The pipeline of the proposed task network OAE-SRD for solving the proposed SRSC task is shown in Fig. 1. (a) Feature Extraction: n sampled clips are first shuffled and then fed into 3D backbone CNNs to obtain raw features. (b) Order-Aware Encoder: The raw features are fed into transformer without positional encoding to obtain order-aware features. Global aggregation is utilized to obtain a compact representation as the initial input for decoder. (c) Serial Restoration Decoder: at each step, the hard attention pointer (HAP) outputs the probability of each clip being restored, and the most probable one is chosen and fed as the next input of LSTM. The optional mask is used to adjust task complexity for model based curriculum learning.

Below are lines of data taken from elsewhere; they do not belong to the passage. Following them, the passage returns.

(* Assume the standing conventions of the context and suppose $\mathcal D_{Z,Z'}\neq\emptyset$. (i) If $\Lambda\in\overline{\mathcal S}_Z$ and $\Lambda'_0\in B^+_\Lambda$, then $B^+_\Lambda=\{\Lambda'_0+\Lambda'\mid \Lambda'\in D_Z\}$. (ii) If $\Lambda'\in\overline{\mathcal S}_{Z'}$ and $\Lambda_0\in B^+_{\Lambda'}$, then $B^+_{\Lambda'}=\{\Lambda_0+\Lambda\mid\Lambda\in D_{Z'}\}$.
   Context: A symbol is an array $\Lambda=\binom{a'_1,\ldots,a'_{m_1}}{b'_1,\ldots,b'_{m_2}}$ of two strictly decreasing finite sequences of nonnegative integers (top row, bottom row); its defect is $\mathrm{def}(\Lambda)=m_1-m_2$. Standing assumptions: $Z=\binom{a_1,\ldots,a_{m+1}}{b_1,\ldots,b_m}$ is a special symbol of defect $1$, i.e. $a_1\ge b_1\ge a_2\ge b_2\ge\cdots\ge b_m\ge a_{m+1}$; $Z'=\binom{c_1,\ldots,c_{m'}}{d_1,\ldots,d_{m'}}$ is a special symbol of defect $0$, i.e. $c_1\ge d_1\ge c_2\ge d_2\ge\cdots\ge c_{m'}\ge d_{m'}$; and $m'\in\{m,m+1\}$. For a symbol $Y$, $Y_{\mathrm I}$ is the set of entries of $Y$ occurring in exactly one row. For $M\subset Z_{\mathrm I}$, $\Lambda_M$ is the symbol obtained from $Z$ by moving every entry of $M$ to the other row (rows re-sorted decreasingly); for $N\subset Z'_{\mathrm I}$, $\Lambda_N$ is obtained from $Z'$ in the same way. $\overline{\mathcal S}_Z=\{\Lambda_M: M\subset Z_{\mathrm I}\}$, $\overline{\mathcal S}_{Z'}=\{\Lambda_N:N\subset Z'_{\mathrm I}\}$; $\mathcal S_{Z,1}$ (resp. $\mathcal S_{Z',0}$) is the set of elements of $\overline{\mathcal S}_Z$ of defect $1$ (resp. of $\overline{\mathcal S}_{Z'}$ of defect $0$). Sum: $\Lambda_{M_1}+\Lambda_{M_2}:=\Lambda_{(M_1\cup M_2)\smallsetminus(M_1\cap M_2)}$ (for subsets of $Z_{\mathrm I}$, and likewise of $Z'_{\mathrm I}$). Relation $\overline{\mathcal B}^+_{Z,Z'}\subset\overline{\mathcal S}_Z\times\overline{\mathcal S}_{Z'}$: for $\Lambda=\binom{a'_1,\ldots,a'_{m_1}}{b'_1,\ldots,b'_{m_2}}\in\overline{\mathcal S}_Z$ and $\Lambda'=\binom{c'_1,\ldots,c'_{m'_1}}{d'_1,\ldots,d'_{m'_2}}\in\overline{\mathcal S}_{Z'}$, $(\Lambda,\Lambda')\in\overline{\mathcal B}^+_{Z,Z'}$ iff $\mathrm{def}(\Lambda')=1-\mathrm{def}(\Lambda)$ and: if $m'=m$, $a'_i>d'_i\ge a'_{i+1}$ for $1\le i\le m'_2$ and $b'_{i-1}>c'_i\ge b'_i$ for $1\le i\le m'_1$; if $m'=m+1$, $a'_i\ge d'_i>a'_{i+1}$ for $1\le i\le m'_2$ and $b'_{i-1}\ge c'_i>b'_i$ for $1\le i\le m'_1$; here $b'_0=+\infty$ and nonexistent entries $a'_j,b'_j$ beyond the row lengths are $-\infty$. Then $\mathcal D_{Z,Z'}=\overline{\mathcal B}^+_{Z,Z'}\cap(\mathcal S_{Z,1}\times\mathcal S_{Z',0})$, $D_Z=\{\Lambda'\mid (Z,\Lambda')\in\mathcal D_{Z,Z'}\}$, $D_{Z'}=\{\Lambda\mid(\Lambda,Z')\in\mathcal D_{Z,Z'}\}$, and for $\Lambda\in\overline{\mathcal S}_Z$, $\Lambda'\in\overline{\mathcal S}_{Z'}$: $B^+_\Lambda=\{\Lambda''\in\overline{\mathcal S}_{Z'}\mid(\Lambda,\Lambda'')\in\overline{\mathcal B}^+_{Z,Z'}\}$ and $B^+_{\Lambda'}=\{\Lambda''\in\overline{\mathcal S}_{Z}\mid(\Lambda'',\Lambda')\in\overline{\mathcal B}^+_{Z,Z'}\}$. *)

From mathcomp Require Import all_boot all_order all_algebra.
Import GRing.Theory.
Set Implicit Arguments. Unset Strict Implicit. Unset Printing Implicit Defensive.

(* A symbol: (top row, bottom row), each a sequence of naturals which is
   meant to be strictly decreasing. *)
Definition symbol := (seq nat * seq nat)%type.

Definition sdecr (s : seq nat) : bool := sorted (fun x y => y < x) s.

Definition defect (L : symbol) : int := (size L.1)%:Z - (size L.2)%:Z.

Definition inI (Y : symbol) (x : nat) : bool := (x \in Y.1) != (x \in Y.2).

Definition moveS (Y : symbol) (M : seq nat) : symbol :=
  (sort geq ([seq x <- Y.1 | x \notin M] ++ [seq x <- Y.2 | x \in M]),
   sort geq ([seq x <- Y.2 | x \notin M] ++ [seq x <- Y.1 | x \in M])).

Definition inSbar (Y : symbol) (L : symbol) : Prop :=
  exists M : seq nat, all (inI Y) M /\ L = moveS Y M.

(* symmetric difference of subsets (the sum Lambda_M1 + Lambda_M2 is
   Lambda_(symdiff M1 M2)) *)
Definition symdiff (M1 M2 : seq nat) : seq nat :=
  [seq x <- M1 ++ M2 | (x \in M1) != (x \in M2)].

Inductive ext := NegInf | Fin of nat | PosInf.

Definition ext_le (x y : ext) : bool :=
  match x, y with
  | NegInf, _ => true
  | _, PosInf => true
  | Fin a, Fin b => a <= b
  | _, _ => false
  end.
Definition ext_lt (x y : ext) : bool := ~~ ext_le y x.

(* the (j+1)-th entry of a row (0-based index j), -oo if nonexistent *)
Definition entry (s : seq nat) (j : nat) : ext :=
  if j < size s then Fin (nth 0 s j) else NegInf.

(* b'_{j} in 1-based indexing, i.e. b'_0 = +oo *)
Definition prev_entry (s : seq nat) (j : nat) : ext :=
  if j is j'.+1 then entry s j' else PosInf.

(* The relation Bbar^+_{Z,Z'}; it depends on Z, Z' via m = #bottom(Z),
   m' = #top(Z'). Indices are 0-based: j stands for i = j+1. *)
Definition Bplus (Z Z' : symbol) (L L' : symbol) : Prop :=
  let m := size Z.2 in let m' := size Z'.1 in
  let a := L.1 in let b := L.2 in let c := L'.1 in let d := L'.2 in
  (defect L' = 1 - defect L)%R /\
  if m' == m then
    (forall j, j < size d ->
       ext_lt (Fin (nth 0 d j)) (entry a j) /\
       ext_le (entry a j.+1) (Fin (nth 0 d j))) /\
    (forall j, j < size c ->
       ext_lt (Fin (nth 0 c j)) (prev_entry b j) /\
       ext_le (entry b j) (Fin (nth 0 c j)))
  else
    (forall j, j < size d ->
       ext_le (Fin (nth 0 d j)) (entry a j) /\
       ext_lt (entry a j.+1) (Fin (nth 0 d j))) /\
    (forall j, j < size c ->
       ext_le (Fin (nth 0 c j)) (prev_entry b j) /\
       ext_lt (entry b j) (Fin (nth 0 c j))).

Definition Drel (Z Z' : symbol) (L L' : symbol) : Prop :=
  (inSbar Z L /\ (defect L = 1)%R) /\ (inSbar Z' L' /\ (defect L' = 0)%R) /\
  Bplus Z Z' L L'.

Definition special1 (Z : symbol) : Prop :=
  sdecr Z.1 /\ sdecr Z.2 /\ size Z.1 = (size Z.2).+1 /\
  (forall i, i < size Z.2 ->
     nth 0 Z.2 i <= nth 0 Z.1 i /\ nth 0 Z.1 i.+1 <= nth 0 Z.2 i).

Definition special0 (Z' : symbol) : Prop :=
  sdecr Z'.1 /\ sdecr Z'.2 /\ size Z'.1 = size Z'.2 /\
  (forall i, i < size Z'.2 -> nth 0 Z'.2 i <= nth 0 Z'.1 i) /\
  (forall i, i.+1 < size Z'.1 -> nth 0 Z'.1 i.+1 <= nth 0 Z'.2 i).

From mathcomp Require Import all_boot all_order all_algebra.
From mathcomp Require Import zify.
Set Implicit Arguments. Unset Strict Implicit. Unset Printing Implicit Defensive.

(* Elements of Sbar_Z x Sbar_Z' are pairs (M, N) of subsets of Z_I x Z'_I,
   an F_2-vector space under symmetric difference.  Both parts follow once
   the pairs in Bbar^+ are known to form a linear subspace (Bplus_symdiff):
   then (M, N) and (M, N0) lie in Bbar^+ iff (0, N0 + N) does, i.e. iff
   N0 + N gives an element of D_Z; part (ii) is symmetric.

   Linearity is proved by counting.  Encoding the entries of Lambda by
   2v + [m' <> m] and those of Lambda' by 2v + [m' = m] turns the defining
   inequalities of Bbar^+ into strict interlacing of encoded rows, which is
   equivalent to inequalities between the numbers of codes above each
   threshold t (Bplus_thresholds).  These counts are additive modulo 2 in
   the moved subset and have row totals independent of it; a downward
   induction on t then shows that valid pairs are closed under sums of three
   (interlaced_xor3), i.e. form an affine subspace.  Finally, since Z and Z'
   are special, a nonempty D_{Z,Z'} puts the origin (Z, Z') itself in
   Bbar^+ (interlaced_base), making the affine subspace linear. *)

Lemma geq_trans : transitive geq.
Proof. by move=> y x z /= le_yx le_zy; apply: leq_trans le_zy le_yx. Qed.

Lemma geq_total : total geq.
Proof. by move=> x y /=; rewrite orbC leq_total. Qed.

Definition up_closed (P : pred nat) := forall x y, x <= y -> P x -> P y.

Lemma up_closed_leq t : up_closed (leq t).
Proof. by move=> x y le_xy le_tx; apply: leq_trans le_tx le_xy. Qed.

Lemma nth_up_closed (s : seq nat) (P : pred nat) : sorted geq s -> up_closed P ->
  forall i, i < size s -> P (nth 0 s i) = (i < count P s).
Proof.
move=> + upP; elim: s => [|x s IH] sorted_xs i //= lt_i.
have le_sx y : y \in s -> y <= x by move/(allP (order_path_min geq_trans sorted_xs)).
have {}IH := IH (path_sorted sorted_xs).
case Px: (P x) => /=; first by case: i lt_i => [|i] //= lt_i; rewrite IH.
have -> : count P s = 0.
  apply/eqP; rewrite -leqn0 leqNgt -has_count; apply/hasP => -[y s_y Py].
  by rewrite (upP _ _ (le_sx y s_y) Py) in Px.
case: i lt_i => [|i] //= lt_i; apply/negbTE/negP => Psi.
by rewrite (upP _ _ (le_sx _ (mem_nth 0 lt_i)) Psi) in Px.
Qed.

Lemma count_weak_interlace (u w : seq nat) (P : pred nat) :
  sorted geq u -> sorted geq w -> up_closed P -> size u <= (size w).+1 ->
  (forall j, j < size w -> j < size u /\ nth 0 w j <= nth 0 u j /\
      (j.+1 < size u -> nth 0 u j.+1 <= nth 0 w j)) ->
  count P w <= count P u <= (count P w).+1.
Proof.
move=> sorted_u sorted_w upP size_uw H; apply/andP; split.
  case cw: (count P w) => [|k] //.
  have lt_kw : k < size w by have := count_size P w; lia.
  have [lt_ku [le_wu _]] := H k lt_kw.
  have Pw : P (nth 0 w k) by rewrite nth_up_closed // cw.
  by have := upP _ _ le_wu Pw; rewrite nth_up_closed.
rewrite leqNgt; apply/negP => lt_cu.
set k := count P w in lt_cu.
have lt_k1u : k.+1 < size u by have := count_size P u; lia.
have lt_kw : k < size w by lia.
have Pu : P (nth 0 u k.+1) by rewrite nth_up_closed //; lia.
have [_ [_ le_uw]] := H k lt_kw.
by have := upP _ _ (le_uw lt_k1u) Pu; rewrite nth_up_closed // ltnn.
Qed.

(* Strict interlacing u_0 > w_0 > u_1 > w_1 > ...: the shape of the
   conditions defining Bbar^+ after encoding the entries (see [enc]). *)
Definition interlace (u w : seq nat) := forall j, j < size w -> j < size u /\
  nth 0 w j < nth 0 u j /\ (j.+1 < size u -> nth 0 u j.+1 < nth 0 w j).

Definition count_interlace (u w : seq nat) := forall t,
  count (leq t) w <= count (leq t) u <= (count (leq t) w).+1.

Fig. 1. Overview of the proposed SRSC task and model architecture.

Results

The proposed SRSC task with OAE-SRD task network is compared with several state-of-the-art self-supervised video representation learning methods in Table 1. For a comprehensive comparison, we have summarized the techniques for generating supervisory signals, i.e., construction of positive and negative samples, data augmentation, pseudo-labeling, and utilization of intrinsic properties. These techniques are abbreviated as Pos-Neg, DA, PL and Prop in the header of Table I. As each contrastive learning based SSL has its unique Pos-Neg, DA or PL, we use the checkmark (✓) simply to indicate whether some of the three techniques are used. For intrinsic properties (Prop), we have summarized seven types, i.e., CO for chronological order, STL for space-time layout, GI for geometric information, SI for statistical information, PR for playback rate (also called speed or sampling rate in some methods), PE for periodicity (also called palindrome in some methods) and VD for video continuity in Table I. In the "Type" column, "C" represents contrastive learning based approaches, "P" represents pretext task based approaches and dagger "†" means that the modified approaches work as a plugin. In Table 2, the dashed lines divide the table into three parts, which from top to bottom exhibit the results of task based, model based and data based curriculum learning strategies in terms of action recognition task. In Table 3, the proposed SRSC task is compared with other state-of-the-art self-supervised video representation learning methods in terms of nearest neighbor retrieval task. Table 3 also exhibits the performance of nearest neighbor retrieval with the proposed curriculum learning strategies. Table 4 exhibits the performance of existing video caption methods fused with the features pre-trained by SRSC task.

Table 1. Comparison between the proposed SRSC task and state-of-the-art self-supervised video representation learning methods in terms of action recognition performance on UCF101 and HMDB51.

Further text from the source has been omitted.